Eye contact uses up a lot of mental energy. Good luck bro.
We get a bad reputation of being very standoffish and snobbish--Autistic socialization is a very different type of socialization than most people are used to.
Staying at a distance and little eye contact combined with detailed ranting might seem like you think you know better, can't it?
 
On one hand, self-awareness of how you appear to others is important and can explain how and why people interact with you the way they do. That is useful information. As much as I hate photos and videos of myself, because it becomes quite apparent, but I do find it somewhat useful.

On the other hand, knowing that information, and if you are truly concerned with that perception, then that requires some masking/camouflaging of your natural autistic behaviors. It can be quite exhausting, and is difficult to maintain, as you are likely aware.

I work with the public and with a large team of people. I really have to pace myself. Otherwise, I am absolutely trashed by the end of the day.
 
On one hand, self-awareness of how you appear to others is important and can explain how and why people interact with you the way they do. That is useful information. As much as I hate photos and videos of myself, because it becomes quite apparent, but I do find it somewhat useful.

On the other hand, knowing that information, and if you are truly concerned with that perception, then that requires some masking/camouflaging of your natural autistic behaviors. It can be quite exhausting, and is difficult to maintain, as you are likely aware.

I work with the public and with a large team of people. I really have to pace myself. Otherwise, I am absolutely trashed by the end of the day.
Definitely, too many interactions, especially if you do some of the things that are too overwhelming can can be exhausting.

Tbh I'm rather approaching it in a manner that if someone makes a sad face or starts to hesitate continuing what they were saying, because I'm looking to the side to concentrate, I'm telling them that I'm concentrating and it has wkrked so far. Or I'm telling them why I don't want to do something even if it's "weird" and that it's not about them. I had no clue that people thought things like that mean I'm disinterested and don't like them.
 
Definitely, too many interactions, especially if you do some of the things that are too overwhelming can can be exhausting.

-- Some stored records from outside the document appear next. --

(* Let $R$ be a commutative ring with unit, $\mathcal{P}$ a poset satisfying the descending chain condition, $i\in\mathcal{P}$, and $F\colon\mathcal{P}\to R\text{-mod}$ a functor which is pseudo-projective at $i$. Let $x=\oplus_{j<i}x_j\in\bigoplus_{j<i}F(j)$ satisfy $\sum_{j<i}F(j<i)(x_j)=0$. Then there is a sequence $\{x^n\}_{n\ge0}$, $x^n=\oplus_{j<i}x^n_j\in\bigoplus_{j<i}F(j)$, with $x^0=x$, such that for every $n\ge0$: $\sum_{j<i}F(j<i)(x^n_j)=0$; $x^{n+1}-x^n=\sum_{k<j,\ j\in\max\operatorname{supp}(x^n)}\big(y_{k,j}\oplus -F(k<j)(y_{k,j})\big)$ for some elements $y_{k,j}\in F(k)$ (with $y_{k,j}$ placed in the summand $F(k)$ and $-F(k<j)(y_{k,j})$ in the summand $F(j)$); $[x^{n+1}]=[x^n]$ in $\operatorname{colim}_{\mathcal{P}_{<i}}F$; and $\operatorname{supp}(x^{n+1})<\operatorname{supp}(x^n)$. In addition, there exists $N>0$ such that $x^n_j=0$ for all $j<i$ whenever $n\ge N$.
   Context: DCC: no infinite strictly descending chains. $F(j<i)$ is the image of the arrow $j\to i$, $F(i<i)=1$. For $x=\oplus_j x_j$, $\operatorname{supp}(x)=\{j: x_j\ne0\}$; $[x]$ is the class of $x$ in the colimit. For subsets $I,J$ of $\mathcal{P}$, $J<I$ means every element of $J$ is strictly smaller than some element of $I$. $\max J$ is the set of maximal elements of $J$. $\operatorname{Im}_F(j)=\sum_{k<j}\operatorname{Im}F(k<j)$. $F$ is pseudo-projective at $i$ if for every finite $J\subset\mathcal{P}_{\le i}$ and every $\oplus_{j\in J}x_j\in\bigoplus_{j\in J}F(j)$ with $\sum_{j\in J}F(j<i)(x_j)=0$, one has $x_j\in\operatorname{Im}_F(j)$ for all $j\in\max J$. *)

From HB Require Import structures.
From mathcomp Require Import all_boot all_order all_algebra.
From mathcomp Require Import finmap.
From Stdlib Require Lists.List.
Unset Printing Implicit Defensive.
Import Order.TTheory GRing.Theory.
Local Open Scope ring_scope.
Local Open Scope order_scope.


Definition dcc (d : Order.disp_t) (P : porderType d) : Prop :=
  forall f : nat -> P, ~ (forall n, f n.+1 < f n).

Record pfunctor (R : comPzRingType) (d : Order.disp_t) (P : porderType d) := PFunctor {
  obj : P -> lmodType R;
  mor : forall j k : P, j <= k -> obj j -> obj k;
  morDZ : forall j k (h : j <= k) (a : R) (u v : obj j),
      mor j k h (a *: u + v) = a *: mor j k h u + mor j k h v;
  mor_id : forall j (h : j <= j) (u : obj j), mor j j h u = u;
  mor_comp : forall j k l (hjk : j <= k) (hkl : k <= l) (hjl : j <= l) (u : obj j),
      mor j l hjl u = mor k l hkl (mor j k hjk u)
}.

Arguments pfunctor R {d} P.
Arguments obj {R d P} p j : rename.
Arguments mor {R d P} p {j k} h v : rename.

Section Defs.
Variables (R : comPzRingType) (d : Order.disp_t) (P : porderType d) (F : pfunctor R P).

(* F(j<k) applied to v, extended by 0 when j <= k fails. *)
Definition morb (j k : P) (v : obj F j) : obj F k :=
  (match (j <= k)%O as b return ((j <= k)%O = b -> obj F k) with
   | true => fun h => mor F h v
   | false => fun _ => 0
   end) (erefl _).

Definition inj (k l : P) (y : obj F k) : obj F l :=
  match k =P l with
  | ReflectT e => eq_rect k (obj F) y l e
  | ReflectF _ => 0
  end.

Definition elem (k j : P) (y : obj F k) : forall l, obj F l :=
  fun l => inj k l y - inj j l (morb k j y).

Definition triple := {kj : P * P & obj F kj.1}.

Definition telem (t : triple) : forall l, obj F l :=
  elem (tag t).1 (tag t).2 (tagged t).

(* Elements of the direct sum (+)_{j<i} F(j): a function j |-> x_j together
   with a finite set containing its support, all of whose elements are < i. *)
Record dsum (i : P) := DSum {
  dsupp : {fset P};
  dval : forall j, obj F j;
  dval_supp : forall j, dval j != 0 -> j \in dsupp;
  dsupp_lt : forall j, j \in dsupp -> j < i
}.
Arguments dsupp {i} _.
Arguments dval {i} _ j.

Definition dsum_eval (i : P) (x : dsum i) : obj F i :=
  \sum_(j <- dsupp x) morb j i (dval x j).

Definition supp (i : P) (x : dsum i) (j : P) : Prop := dval x j != 0.

Definition is_max (J : P -> Prop) (j : P) : Prop :=
  J j /\ forall k, J k -> ~ (j < k).

Definition set_lt (J I : P -> Prop) : Prop :=
  forall j, J j -> exists k, I k /\ j < k.

(* [x] = [x'] in colim_{P_{<i}} F, the colimit being the quotient of
   (+)_{j<i} F(j) by the submodule generated by y (+) -F(k<j)(y), k<j<i. *)
Definition colim_eq (i : P) (x x' : dsum i) : Prop :=
  exists ts : seq triple,
    (forall t, Stdlib.Lists.List.In t ts -> (tag t).1 < (tag t).2 /\ (tag t).2 < i) /\
    forall l, dval x l - dval x' l = \sum_(t <- ts) telem t l.

Definition inImF (j : P) (v : obj F j) : Prop :=
  exists ys : seq {k : P & obj F k},
    (forall t, Stdlib.Lists.List.In t ys -> tag t < j) /\
    v = \sum_(t <- ys) morb (tag t) j (tagged t).

Definition pseudo_projective (i : P) : Prop :=
  forall (J : {fset P}) (xJ : forall j, obj F j),
    (forall j, j \in J -> j <= i) ->
    \sum_(j <- J) morb j i (xJ j) = 0 ->
    forall j, j \in J -> (forall k, k \in J -> ~ (j < k)) -> inImF j (xJ j).

End Defs.

Arguments morb {R d P} F j k v.
Arguments inj {R d P} F k l y.
Arguments elem {R d P} F k j y l.
Arguments triple {R d P} F.
Arguments telem {R d P F} t l.
Arguments dsum {R d P} F i.
Arguments DSum {R d P F i} dsupp dval dval_supp dsupp_lt.
Arguments dsupp {R d P F i} _.
Arguments dval {R d P F i} _ j.
Arguments dsum_eval {R d P F i} x.
Arguments supp {R d P F i} x j.
Arguments is_max {d P} J j.
Arguments set_lt {d P} J I.
Arguments colim_eq {R d P F i} x x'.
Arguments inImF {R d P F j} v.
Arguments pseudo_projective {R d P} F i.
Arguments dcc {d} P.

(* Pseudo-projectivity at i puts every maximal component x_j of a relation x
   (that is, sum_j F(j<i) x_j = 0) into Im_F(j): x_j = sum_k F(k<j) y_{k,j}.
   Adding the colimit relations y_{k,j} (+) -F(k<j) y_{k,j} to x kills these
   components and creates new ones only at the indices k < j; so neither the
   evaluation in F(i) nor the class in the colimit changes, while the support
   moves strictly down.  The iteration stops because, in a poset with DCC, the
   relation "J is nonempty and every element of J lies strictly below an
   element of I" is well founded on finite sets: accessibility is preserved by
   finite unions, and {a} is accessible by well-founded induction on a. *)

From HB Require Import structures.
From mathcomp Require Import all_boot all_order all_algebra.
From mathcomp Require Import finmap.
From Stdlib Require Lists.List.
From Stdlib Require Import Classical ClassicalEpsilon.
Import Order.TTheory GRing.Theory.
Local Open Scope ring_scope.
Local Open Scope order_scope.

Lemma In_mem_map {T : Type} {U : eqType} (f : T -> U) {s : seq T} {t : T} :
  List.In t s -> f t \in map f s.
Proof. by elim: s => //= t' s IH [->|/IH]; rewrite inE ?eqxx // => ->; rewrite orbT. Qed.

Lemma mem_map_In {T : Type} {U : eqType} {f : T -> U} {s : seq T} {u : U} :
  u \in map f s -> exists2 t, List.In t s & u = f t.
Proof.
elim: s => //= t s IH; rewrite inE => /orP [/eqP ->|/IH [t' st' ->]].
  by exists t => //; left.
by exists t' => //; right.
Qed.

Lemma big1_In (T : Type) (V : nmodType) (s : seq T) (f : T -> V) :
  (forall t, List.In t s -> f t = 0) -> \sum_(t <- s) f t = 0.
Proof.
elim: s => [|t s IH] f0; first by rewrite big_nil.
by rewrite big_cons f0 ?add0r ?IH // => [u su|]; [apply: f0; right | left].
Qed.

Lemma sumr_neq0_In (T : Type) (V : nmodType) (s : seq T) (f : T -> V) :
  \sum_(t <- s) f t != 0 -> exists2 t, List.In t s & f t != 0.
Proof.
move=> /eqP nz; apply: NNPP => noWitness; apply: nz.
by apply: big1_In => t st; apply/eqP; apply: contraT => ft; case: noWitness; exists t.
Qed.

Lemma dependent_choice {T : Type} {Q : T -> Prop} {rel : T -> T -> Prop} :
  (forall x, Q x -> exists y, Q y /\ rel x y) ->
  forall x, Q x -> exists xs : nat -> T,
    xs 0%N = x /\ forall n, Q (xs n) /\ rel (xs n) (xs n.+1).
Proof.
move=> step x Qx.
have next (y : {y | Q y}) : {z : {z | Q z} | rel (sval y) (sval z)}.
  have [z [Qz yz]] := constructive_indefinite_description _ (step _ (svalP y)).
  by exists (exist _ z Qz).
exists (fun n => sval (iter n (fun y => sval (next y)) (exist _ x Qx))).
split=> // n; split; first exact: svalP.
exact: svalP (next _).
Qed.

Section Domination.
Context {d : Order.disp_t} {P : porderType d}.
Local Open Scope fset_scope.

Lemma dcc_wf : dcc P -> well_founded (fun a b : P => a < b).
Proof.
move=> noChain a; apply: NNPP => accN.
pose A := {b : P | ~ Acc (fun a b : P => a < b) b}.
have next (b : A) : {c : A | sval c < sval b}.
  apply: constructive_indefinite_description; case: b => b accNb /=.
  apply: NNPP => noLower; apply: accNb; constructor => c cb.
  by apply: NNPP => accNc; apply: noLower; exists (exist _ c accNc).
apply: (noChain (fun n => sval (iter n (fun b => sval (next b)) (exist _ a accN)))).
move=> n; exact: svalP (next _).
Qed.

Definition dominated (J I : {fset P}) : bool := all (fun j => has (fun k => j < k) I) J.

Lemma dominatedP J I :
  reflect (forall j, j \in J -> exists2 k, k \in I & j < k) (dominated J I).
Proof. by apply: (iffP allP) => dom j /dom /hasP. Qed.

Lemma dominated_trans {J K I : {fset P}} : dominated J K -> dominated K I -> dominated J I.
Proof.
move=> /dominatedP JK /dominatedP KI; apply/dominatedP => j /JK [k /KI [l Il kl] jk].
by exists l; last exact: lt_trans jk kl.
Qed.

Lemma dominated_fsubr {J K I : {fset P}} : K `<=` I -> dominated J K -> dominated J I.
Proof.
move=> /fsubsetP KI /dominatedP JK; apply/dominatedP => j /JK [k /KI].
by exists k.
Qed.

Lemma dominated_fset0 J : dominated J fset0 -> J = fset0.
Proof.
move=> /dominatedP J0; apply/eqP; apply: contraT => /fset0Pn [j /J0 [k]].
by rewrite in_fset0.
Qed.

(* Nonemptiness is needed: fset0 is dominated by itself. *)
Local Notation dom_lt := (fun J I : {fset P} => (J != fset0) && dominated J I).

Lemma Acc_fset0 : Acc dom_lt fset0.
Proof. by constructor => J /andP [nzJ /dominated_fset0 J0]; rewrite J0 eqxx in nzJ. Qed.

Lemma Acc_dominated {J I : {fset P}} : dominated J I -> Acc dom_lt I -> Acc dom_lt J.
Proof.
move=> JI [accI]; constructor => K /andP [nzK KJ]; apply: accI.
by rewrite nzK (dominated_trans KJ JI).
Qed.

Lemma Acc_fsubset J I : J `<=` I -> Acc dom_lt I -> Acc dom_lt J.
Proof.
move=> JI [accI]; constructor => K /andP [nzK KJ]; apply: accI.
by rewrite nzK (dominated_fsubr JI KJ).
Qed.

Lemma Acc_fsetU I1 I2 : Acc dom_lt I1 -> Acc dom_lt I2 -> Acc dom_lt (I1 `|` I2).
Proof.
(* Only I1 needs an induction: the part of J below I2 is accessible since I2 is. *)
move=> acc1; elim: acc1 I2 => {}I1 _ IH I2 acc2; constructor => J /andP [_ /dominatedP JI].
pose below (I : {fset P}) := [fset j in J | has (fun k => j < k) I].
have dom_below (I : {fset P}) : dominated (below I) I.
  by apply/allP => j; rewrite !inE => /andP [].
apply: (Acc_fsubset _ (below I1 `|` below I2)).
  apply/fsubsetP => j Jj; have [k] := JI j Jj.
  rewrite !inE Jj /= => /orP [] Ik jk; apply/orP; [left | right]; apply/hasP; by exists k.
have accJ2 := Acc_dominated (dom_below I2) acc2.
have [->|nz1] := eqVneq (below I1) fset0; first by rewrite fset0U.
by apply: IH => //; rewrite nz1 dom_below.
Qed.

Lemma Acc_fset_elems (J : {fset P}) :
  (forall j, j \in J -> Acc dom_lt [fset j]) -> Acc dom_lt J.
Proof.
suff acc_sub (s : seq P) : (forall j, j \in s -> Acc dom_lt [fset j]) ->
    forall K : {fset P}, {subset K <= s} -> Acc dom_lt K.
  by move=> accJ; apply: acc_sub accJ _ _.
elim: s => [|a s IH] acc K Ks.
  by apply: (Acc_fsubset _ _ _ Acc_fset0); apply/fsubsetP => j /Ks.
apply: (Acc_fsubset _ ([fset a] `|` [fset j in K | j \in s])).
  by apply/fsubsetP => j Kj; move: (Ks j Kj); rewrite !inE Kj => /orP [] ->; rewrite ?orbT.
apply: Acc_fsetU; first by apply: acc; rewrite mem_head.
by apply: IH => [j sj|j]; [apply: acc; rewrite inE sj orbT | rewrite !inE => /andP []].
Qed.

Lemma dom_lt_wf : dcc P -> well_founded dom_lt.
Proof.
move=> /dcc_wf wf.
have acc1 (a : P) : Acc dom_lt [fset a].
  elim: (wf a) => {}a _ IH; constructor => J /andP [_ /dominatedP Ja].
  by apply: Acc_fset_elems => j /Ja [k]; rewrite inE => /eqP -> /IH.
by move=> J; apply: Acc_fset_elems.
Qed.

Tbh I'm rather approaching it in a manner that if someone makes a sad face or starts to hesitate continuing what they were saying, because I'm looking to the side to concentrate, I'm telling them that I'm concentrating and it has wkrked so far. Or I'm telling them why I don't want to do something even if it's "weird" and that it's not about them. I had no clue that people thought things like that mean I'm disinterested and don't like them.
It's not your fault. People often think I'm disinterested or don't like them because I can be standoffish and kind of "blank" when I first meet people. A lot of my irl friends have actually said "I thought you didn't like me at first."

Telling them that it's because you're concentrating or that it's not about them is great communication and I'm glad it's working.